Fig. 13, Fig. 14 and Fig. 15 are comparisons of the time overhead of encryption vector calculation under different vector sizes and data volumes between the lightweight biometric authentication method SELBA based on joint biometrics and other classic biometric authentication methods. Figure 13 and Figure 14 show the variation of time overhead as the amount of data increases when the vector size is 16 bits and 64 bits, respectively. Among them, the cost of the method of Zhu et al. is much higher than the method of the present invention and the method of Zhou et al. This is mainly due to the fact that the calculation process of Zhu et al.'s method contains many linear pairing operations, and the validity of tokens needs to be verified before calculation. Figure 15 shows that when the vector size increases to 256 bits, the time cost of the method of the present invention and the method of Zhou et al. under different data volumes gradually approach the method of Zhu et al. Simulation results show that, compared with other methods, the method of the present invention achieves a balance between authentication low cost and high security requirements.

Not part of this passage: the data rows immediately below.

Lemma bounded_seq_cluster_point (X : nat -> pt) B :
  (forall n, Rabs (fst (X n)) <= B /\ Rabs (snd (X n)) <= B) ->
  exists l, forall e, 0 < e -> forall K, exists p, (K <= p)%nat /\ edist (X p) l < e.
Proof.
  intros HB.
  destruct (Bolzano_Weierstrass (fun n => fst (X n)) _ (compact_P3 (-B) B)) as [l1 Hl1].
  { intro n. apply Rabs_le_between, HB. }
  assert (Hfst : forall k, exists p, (k <= p)%nat /\ Rabs (fst (X p) - l1) < / INR (S k)).
  { intro k. apply (Hl1 (fun y => Rabs (y - l1) < / INR (S k)) k).
    exists (mkposreal _ (inv_INR_S_pos k)). intros y Hy. exact Hy. }
  destruct (choice _ Hfst) as [sub Hsub].
  destruct (Bolzano_Weierstrass (fun k => snd (X (sub k))) _ (compact_P3 (-B) B))
    as [l2 Hl2].
  { intro n. apply Rabs_le_between, HB. }
  exists (l1, l2). intros e He K.
  destruct (inv_INR_S_small (e / 2) ltac:(lra)) as [K0 HK0].
  destruct (Hl2 (fun y => Rabs (y - l2) < e / 2) (max K K0)) as [q [Hq Hsnd]].
  { assert (He2 : 0 < e / 2) by lra.
    exists (mkposreal _ He2). intros y Hy. exact Hy. }
  destruct (Hsub q) as [Hq_sub Hfst_q].
  exists (sub q). split; [lia|].
  eapply Rle_lt_trans; [apply edist_le_coords|]. simpl in *.
  pose proof (HK0 q ltac:(lia)). lra.
Qed.

Section ClosedGraph.
Variables (D : pt -> Prop) (P : pt -> pt -> Prop) (f : pt -> pt) (B : R).
Hypothesis graph_f : forall z, D z -> P z (f z).
Hypothesis unique_f : forall z x, D z -> P z x -> x = f z.
Hypothesis P_bounded : forall z x, P z x -> Rabs (fst x) <= B /\ Rabs (snd x) <= B.
Hypothesis P_closed : forall z x,
  (forall e, 0 < e -> exists z' x', P z' x' /\ edist z' z < e /\ edist x' x < e) ->
  P z x.

Lemma closed_bounded_graph_continuous : continuous_on_set D f.
Proof.
  intros z Hz eps Heps. apply NNPP; intro Hdisc.
  assert (Hbad : forall n : nat, exists w,
             D w /\ edist w z < / INR (S n) /\ eps <= edist (f w) (f z)).
  { intro n. apply NNPP; intro Hnone. apply Hdisc.
    exists (/ INR (S n)). split; [apply inv_INR_S_pos|].
    intros w Dom_w Near_w. apply Rnot_le_lt. intro Hfar. apply Hnone. eauto. }
  destruct (choice _ Hbad) as [W HW].
  destruct (bounded_seq_cluster_point (fun n => f (W n)) B) as [l Hl].
  { intro n. apply (P_bounded (W n)), graph_f, HW. }
  assert (Hlim : l = f z).
  { apply (unique_f z); auto. apply P_closed. intros e He.
    destruct (inv_INR_S_small e He) as [K HK].
    destruct (Hl e He K) as [p [Hp Hfp]].
    destruct (HW p) as [Dom_Wp [Near_Wp _]].
    exists (W p), (f (W p)). repeat split; auto.
    pose proof (HK p Hp). lra. }
  destruct (Hl eps Heps O) as [p [_ Hclose]]. destruct (HW p) as [_ [_ Hfar]].
  subst l. lra.
Qed.

End ClosedGraph.

Lemma two_point_set_eq {T : Type} (Q : T -> Prop) x1 x2 a b c :
  (forall x, Q x <-> x = x1 \/ x = x2) ->
  Q a -> Q b -> Q c -> c <> a -> c <> b -> a = b.
Proof.
  intros HQ Ha Hb Hc. apply HQ in Ha, Hb, Hc.
  destruct Ha as [-> | ->], Hb as [-> | ->], Hc as [-> | ->]; congruence.
Qed.

Lemma psub0r z : psub z (0, 0) = z.
Proof. destruct z; unfold psub; simpl; f_equal; ring. Qed.

Lemma psub_psub z w : psub z (psub z w) = w.
Proof. destruct z, w; unfold psub; simpl; f_equal; ring. Qed.

Definition det (z w : pt) : R := fst z * snd w - snd z * fst w.

Lemma det_psub_r z w : det z (psub z w) = - det z w.
Proof. unfold det, psub; simpl. ring. Qed.

Lemma det_lipschitz a b c d M :
  Rabs (fst a) <= M -> Rabs (snd a) <= M -> Rabs (fst d) <= M -> Rabs (snd d) <= M ->
  Rabs (det a b - det c d) <= 2 * M * (edist b d + edist a c).
Proof.
  intros Ha1 Ha2 Hd1 Hd2. unfold det.
  replace (fst a * snd b - snd a * fst b - (fst c * snd d - snd c * fst d)) with
    (fst a * (snd b - snd d) + snd d * (fst a - fst c)
     - snd a * (fst b - fst d) - fst d * (snd a - snd c)) by ring.
  assert (Hprod : forall u v D, Rabs u <= M -> Rabs v <= D -> -(M * D) <= u * v <= M * D).
  { intros u v D Hu Hv. apply Rabs_le_between. rewrite Rabs_mult.
    apply Rmult_le_compat; auto using Rabs_pos. }
  pose proof (Hprod _ _ _ Ha1 (edist_ge_snd b d)).
  pose proof (Hprod _ _ _ Hd2 (edist_ge_fst a c)).
  pose proof (Hprod _ _ _ Ha2 (edist_ge_fst b d)).
  pose proof (Hprod _ _ _ Hd1 (edist_ge_snd a c)).
  apply Rabs_le. lra.
Qed.

Definition ccw_neighbour (N : pt -> R) (z x : pt) : Prop :=
  N x = 1 /\ N (psub z x) = 1 /\ 0 <= det z x.

Lemma ccw_neighbour_closed N : is_norm N -> forall z x,
  (forall e, 0 < e -> exists z' x',
     ccw_neighbour N z' x' /\ edist z' z < e /\ edist x' x < e) ->
  ccw_neighbour N z x.
Proof.
  intros HN z x Happrox.
  destruct (unit_sphere_bounded N HN) as [B HB].
  pose proof (N_lipschitz_edist N HN) as Hlip.
  pose proof (axis_sum_ge0 N HN).
  repeat split.
  - apply (eq_of_forall_Rabs_le _ _ (2 * axis_sum N)). intros e He.
    destruct (Happrox e He) as (z' & x' & [Nx' _] & _ & Dx).
    rewrite <- Nx', edist_sym in *. pose proof (Hlip x x'). nra.
  - apply (eq_of_forall_Rabs_le _ _ (8 * axis_sum N)). intros e He.
    destruct (Happrox e He) as (z' & x' & [_ [Nzx' _]] & Dz & Dx).
    rewrite <- Nzx'. rewrite edist_sym in Dz, Dx.
    pose proof (Hlip (psub z x) (psub z' x')).
    pose proof (edist_psub z x z' x'). nra.
  - set (M := Rabs (fst z) + Rabs (snd z) + B).
    apply (ge0_of_forall_ge _ (4 * M)). intros e He.
    destruct (Happrox e He) as (z' & x' & [Nx' [_ Dzx']] & Dz & Dx).
    rewrite edist_sym in Dz, Dx. destruct (HB x' Nx') as [Bx1 Bx2].
    pose proof (Rabs_pos (fst z)); pose proof (Rabs_pos (snd z)); pose proof (Rabs_pos (fst x')).
    pose proof (det_lipschitz z x z' x' M ltac:(unfold M; lra) ltac:(unfold M; lra)
                  ltac:(unfold M; lra) ltac:(unfold M; lra)) as Hdet.
    apply Rabs_le_between in Hdet.
    assert (0 <= M) by (unfold M; lra). nra.
Qed.

Lemma ccw_neighbour_unique N f :
  URTC N ->
  (forall z, sphere N z ->
     sphere N (f z) /\ N (psub z (f z)) = 1 /\ pos_oriented z (f z)) ->
  forall z w, sphere N z -> ccw_neighbour N z w -> w = f z.
Proof.
  intros [HN HURTC] Hf z w Hz [Nw [Nzw Dw]].
  destruct (Hf z Hz) as [Nfz [Nzfz Dfz]]. change (det z (f z) > 0) in Dfz.
  unfold sphere in *.
  destruct (HURTC z (0, 0) ltac:(rewrite psub0r; auto)) as [x1 [x2 [_ Hpair]]].
  (* The third point [z - f z] of the two-point set lies on the negative side of [0z]. *)
  apply (two_point_set_eq _ x1 x2 w (f z) (psub z (f z)) Hpair).
  - rewrite N_psub0l; auto.
  - rewrite N_psub0l; auto.
  - rewrite psub_psub, N_psub0l; auto.
  - intro E. pose proof (det_psub_r z (f z)) as Hneg. rewrite E in Hneg. lra.
  - intro E. pose proof (det_psub_r z (f z)) as Hneg. rewrite E in Hneg. lra.
Qed.

Theorem lemma3 (N : pt -> R) (f : pt -> pt) :
  URTC N ->
  (forall z, sphere N z ->
     sphere N (f z) /\ N (psub z (f z)) = 1 /\ pos_oriented z (f z)) ->
  continuous_on_set (sphere N) f.
Proof.
  intros HURTC Hf. pose proof HURTC as [HN _].
  destruct (unit_sphere_bounded N HN) as [B HB].
  apply (closed_bounded_graph_continuous _ (ccw_neighbour N) f B).
  - intros z Hz. destruct (Hf z Hz) as [Nfz [Nzfz Dfz]].
    repeat split; auto. apply Rlt_le, Dfz.
  - intros z x Hz Hx. apply (ccw_neighbour_unique N f HURTC Hf z x Hz Hx).
  - intros z x [Nx _]. apply HB, Nx.
  - apply ccw_neighbour_closed, HN.
Qed.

It should be noted that the method of the present invention can be realized by hardware, software or a combination of software and hardware, and the hardware part can be realized by using dedicated logic; the software part can be stored in a memory, and executed by an appropriate instruction system, such as a microprocessor or a dedicated Design the hardware to execute. Those of ordinary skill in the art will understand that the above-described devices and methods can be implemented using computer-executable instructions and/or contained in processor control code, for example, on a carrier medium such as a magnetic disk, CD or DVD-ROM, such as a read-only memory Such code is provided on a programmable memory (firmware) or on a data carrier such as an optical or electronic signal carrier. The device and its modules of the present invention may be implemented by hardware circuits such as VLSI or gate arrays, semiconductors such as logic chips, transistors, etc., or programmable hardware devices such as field programmable gate arrays, programmable logic devices, etc., It can also be realized by software executed by various types of processors, or by a combination of the above-mentioned hardware circuits and software such as firmware.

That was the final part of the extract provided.